Information supplied:
(* Let $d\ge k\ge 0$ be integers. Then $\frac{k+1}{d+k+1}\le f(k,d)\le \frac{k+1}{d+1}$.
   Context: For a graph $G=(V,E)$ and an integer $k\ge 0$, a $k$-independent set is a set $S\subseteq V$ such that the induced subgraph $G[S]$ has maximum degree at most $k$; $\alpha_k(G)$ denotes the maximum cardinality of a $k$-independent set of $G$. $n(G)$ is the number of vertices and $d(G)=2|E(G)|/n(G)$ the average degree. For integers $d,k\ge 0$, $f(k,d)=\inf\left\{\frac{\alpha_k(G)}{n(G)} : G \text{ a finite simple graph with at least one vertex and } d(G)\le d\right\}$. *)

From Stdlib Require Import Reals.
From mathcomp Require Import all_boot.
Set Implicit Arguments. Unset Strict Implicit. Unset Printing Implicit Defensive.

Definition simple_graph (T : finType) (e : rel T) : Prop :=
  symmetric e /\ irreflexive e.

Definition edges (T : finType) (e : rel T) : {set {set T}} :=
  [set A : {set T} | [exists x : T, exists y : T, (A == [set x; y]) && e x y]].

Definition k_independent (T : finType) (e : rel T) (k : nat) (S : {set T}) : bool :=
  [forall x in S, #|[set y in S | e x y]| <= k].

Definition alpha_k (T : finType) (e : rel T) (k : nat) : nat :=
  \max_(S : {set T} | k_independent e k S) #|S|.

Local Open Scope R_scope.

Definition nverts (T : finType) : nat := #|T|.
Definition avg_degree (T : finType) (e : rel T) : R :=
  2 * INR #|edges e| / INR (nverts T).

Definition ratio_set (k d : nat) (r : R) : Prop :=
  exists (T : finType) (e : rel T),
    simple_graph e /\ (0 < nverts T)%N /\ avg_degree e <= INR d /\
    r = INR (alpha_k e k) / INR (nverts T).

Definition is_inf (S : R -> Prop) (r : R) : Prop :=
  (forall x, S x -> r <= x) /\
  (forall l, (forall x, S x -> l <= x) -> l <= r).

Definition f_is (k d : nat) (r : R) : Prop := is_inf (ratio_set k d) r.

(* Upper bound: the complete graph K_(d+1) has average degree d and
   alpha_k(K_(d+1)) = k+1, so its ratio (k+1)/(d+1) lies in the set.

   Lower bound (graph part, with c = k+1, a = alpha_k(G)):
   - a set minimising  deg_sum(S) + 2c|U\S| + |S|  over S ⊆ U is k-independent
     and every vertex of U\S has at least c neighbours in it;
   - peeling such sets off (Lovasz) gives: if every degree in G[U] is < p*c
     then U contains a k-independent set of size >= |U|/p;
   - deleting the vertices of degree >= (L+1)c one by one and applying the
     previous fact to the rest yields by induction on L the layering bound
         2cL|U| <= c a L(L+1) + deg_sum(U);
   - for U = V, deg_sum(V) = 2|E| <= dn (handshake), and the choice
     L = d/c + 1 (so that d < cL <= d+c) turns it into  c n <= a (d+c). *)

From Stdlib Require Import Reals Lra.
From mathcomp Require Import all_boot zify.
Set Implicit Arguments. Unset Strict Implicit. Unset Printing Implicit Defensive.

Section DegreeSums.
Variables (T : finType) (e : rel T).

Definition deg_in (U : {set T}) (v : T) : nat := #|[set y in U | e v y]|.

Definition deg_sum (U : {set T}) : nat := \sum_(v in U) deg_in U v.

Lemma sum_indicator (A : {set T}) (b : pred T) :
  \sum_(w in A) (b w : nat) = #|[set w in A | b w]|.
Proof.
by rewrite -sum1dep_card big_mkcondr /=; apply: eq_bigr => w _; case: (b w).
Qed.

Lemma deg_in_setD1 (U : {set T}) (v w : T) :
  deg_in U w = deg_in (U :\ v) w + ((v \in U) && e w v).
Proof.
rewrite /deg_in (cardsD1 v [set y in U | e w y]) inE addnC; congr (_ + _).
by apply: eq_card => y; rewrite !inE; case: (y == v); rewrite ?andbF ?andbT.
Qed.

Lemma deg_in_split (U S : {set T}) (w : T) :
  S \subset U -> deg_in U w = deg_in S w + deg_in (U :\: S) w.
Proof.
move=> SU; rewrite /deg_in -(cardsID S [set y in U | e w y]).
congr (_ + _); apply: eq_card => y; rewrite !inE.
- by case yS: (y \in S); rewrite ?andbF //= (subsetP SU y yS) andbT.
- by case: (y \in S); case: (y \in U); case: (e w y).
Qed.

Hypotheses (e_sym : symmetric e) (e_irr : irreflexive e).

Lemma deg_sum_setD1 (U : {set T}) (v : T) :
  v \in U -> deg_sum U = deg_sum (U :\ v) + 2 * deg_in U v.
Proof.
move=> vU; rewrite /deg_sum (big_setD1 v vU) /=.
under eq_bigr => w _ do rewrite (deg_in_setD1 U v w).
rewrite big_split /= sum_indicator.
have -> : #|[set w in U :\ v | (v \in U) && e w v]| = deg_in U v.
  apply: eq_card => y; rewrite !inE vU /= e_sym.
  by case: (eqVneq y v) => [-> | _] /=; rewrite ?e_irr ?andbF.
lia.
Qed.

Lemma edge_ordered_pairs (x y : T) : e x y ->
  #|[set p : T * T | e p.1 p.2 && ([set p.1; p.2] == [set x; y])]| = 2.
Proof.
move=> exy; have xy : x != y by apply: contraTneq exy => ->; rewrite e_irr.
have -> : [set p : T * T | e p.1 p.2 && ([set p.1; p.2] == [set x; y])]
          = [set (x, y); (y, x)].
  apply/setP => -[a b]; rewrite !inE /=; apply/idP/idP.
  - move=> /andP [eab /eqP E].
    have ab : a != b by apply: contraTneq eab => ->; rewrite e_irr.
    have : a \in [set x; y] by rewrite -E !inE eqxx.
    have : b \in [set x; y] by rewrite -E !inE eqxx orbT.
    move: ab; rewrite !inE => ab /orP [] /eqP Eb /orP [] /eqP Ea; subst a b.
    + by rewrite eqxx in ab.
    + by rewrite eqxx orbT.
    + by rewrite eqxx.
    + by rewrite eqxx in ab.
  - case/orP => /eqP [-> ->]; first by rewrite exy eqxx.
    by rewrite e_sym exy setUC eqxx.
by rewrite cards2; case: eqP => // -[E _]; rewrite E eqxx in xy.
Qed.

Lemma handshake : deg_sum setT = 2 * #|edges e|.
Proof.
have -> : deg_sum setT = #|[set p : T * T | e p.1 p.2]|.
  rewrite /deg_sum /deg_in -sum1dep_card.
  under eq_bigr => x _ do rewrite -sum1dep_card.
  by rewrite pair_big_dep; apply: eq_bigl => p; rewrite !in_setT.
rewrite -sum1dep_card.
rewrite (partition_big (fun p : T * T => [set p.1; p.2]) (fun A => A \in edges e)); last first.
  move=> p ep; rewrite /edges inE; apply/existsP; exists p.1; apply/existsP; exists p.2.
  by rewrite eqxx ep.
rewrite mulnC -sum_nat_const; apply: eq_bigr => A.
rewrite /edges inE => /existsP [x /existsP [y /andP [/eqP -> exy]]].
by rewrite sum1dep_card edge_ordered_pairs.
Qed.
End DegreeSums.

Section IndependentSets.
Variables (T : finType) (e : rel T) (k : nat).
Hypotheses (e_sym : symmetric e) (e_irr : irreflexive e).

Lemma k_independentP (S : {set T}) :
  reflect (forall x, x \in S -> deg_in e S x <= k) (k_independent e k S).
Proof. exact: (iffP forall_inP). Qed.

Lemma k_independent_le_alpha (S : {set T}) :
  k_independent e k S -> #|S| <= alpha_k e k.
Proof. exact: (@leq_bigmax_cond _ (k_independent e k) (fun S0 => #|S0|)). Qed.

(* Every U contains a k-independent S such that each vertex of U \ S has at
   least k+1 neighbours in S: take S minimising
   deg_sum S + 2(k+1)|U \ S| + |S|; removing a vertex of degree > k from S, or
   adding a vertex with <= k neighbours in S, would decrease this quantity. *)
Lemma dominating_k_independent (U : {set T}) :
  exists2 S : {set T}, S \subset U /\ k_independent e k S &
    forall w, w \in U :\: S -> k.+1 <= deg_in e S w.
Proof.
pose mu (S : {set T}) := deg_sum e S + 2 * k.+1 * #|U :\: S| + #|S|.
have [S SU Smin] := @arg_minnP _ set0 (fun S => S \subset U) mu (sub0set U).
exists S; first split => //.
- apply/k_independentP => x xS; rewrite leqNgt; apply/negP => x_big.
  have /Smin : S :\ x \subset U by apply: subset_trans SU; apply: subsetDl.
  have xU : x \in U by apply: (subsetP SU).
  have out_x : U :\: (S :\ x) = x |: (U :\: S).
    by apply/setP => y; rewrite !inE; case: (eqVneq y x) => [-> |].
  have := cardsD1 x S; rewrite xS => card_S.
  have := cardsU1 x (U :\: S); rewrite !inE xS /= -out_x => card_out.
  rewrite /mu (deg_sum_setD1 e_sym e_irr xS); lia.
- move=> w; rewrite inE => /andP [wS wU]; rewrite leqNgt; apply/negP => w_small.
  have /Smin : w |: S \subset U by rewrite subUset sub1set wU SU.
  have wS' : w \in w |: S by rewrite setU11.
  have del_w : (w |: S) :\ w = S by rewrite setU1K.
  have deg_w : deg_in e (w |: S) w = deg_in e S w.
    by rewrite (deg_in_setD1 e (w |: S) w w) del_w e_irr andbF addn0.
  have out_w : U :\: S = w |: (U :\: (w |: S)).
    apply/setP => y; rewrite !inE; case: (eqVneq y w) => [-> |] //=.
    by rewrite wS wU.
  have card_out : #|U :\: S| = #|U :\: (w |: S)| + 1.
    by rewrite out_w cardsU1 !inE eqxx /= addnC.
  have card_S : #|w |: S| = #|S| + 1 by rewrite cardsU1 (negbTE wS) addnC.
  rewrite /mu (deg_sum_setD1 e_sym e_irr wS') del_w deg_w card_out card_S; lia.
Qed.

(* Lovasz-type bound: if all degrees in G[U] are below p(k+1), then U has a
   k-independent subset of size at least |U|/p.  Peel off the set given by
   [dominating_k_independent]; the rest has degrees below (p-1)(k+1). *)
Lemma k_independent_of_bounded_degree (p : nat) (U : {set T}) :
  (forall v, v \in U -> deg_in e U v < p * k.+1) ->
  exists2 S : {set T}, k_independent e k S & #|U| <= p * #|S|.
Proof.
elim: p U => [|p IH] U deg_U.
  exists set0; first by apply/k_independentP => x; rewrite inE.
  have [-> | [v vU]] := set_0Vmem U; first by rewrite cards0.
  by have := deg_U v vU; rewrite mul0n.
have [S [SU S_ind] S_dom] := dominating_k_independent U.
have deg_rest v : v \in U :\: S -> deg_in e (U :\: S) v < p * k.+1.
  move=> vR; have /setDP [vU _] := vR.
  have := deg_U v vU; have := S_dom v vR.
  rewrite (deg_in_split e v SU) mulSn; lia.
have [S' S'_ind S'_big] := IH _ deg_rest.
have card_U : #|U| = #|S| + #|U :\: S|.
  by rewrite -(cardsID S U) (setIidPr SU).
have [le_S'S | lt_SS'] := leqP #|S'| #|S|.
- by exists S => //; rewrite mulSn; nia.
- by exists S' => //; rewrite mulSn; nia.
Qed.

Your task:
Only a number is wanted here: how many lines of the records above hold the word "handshake".

Answer space:
2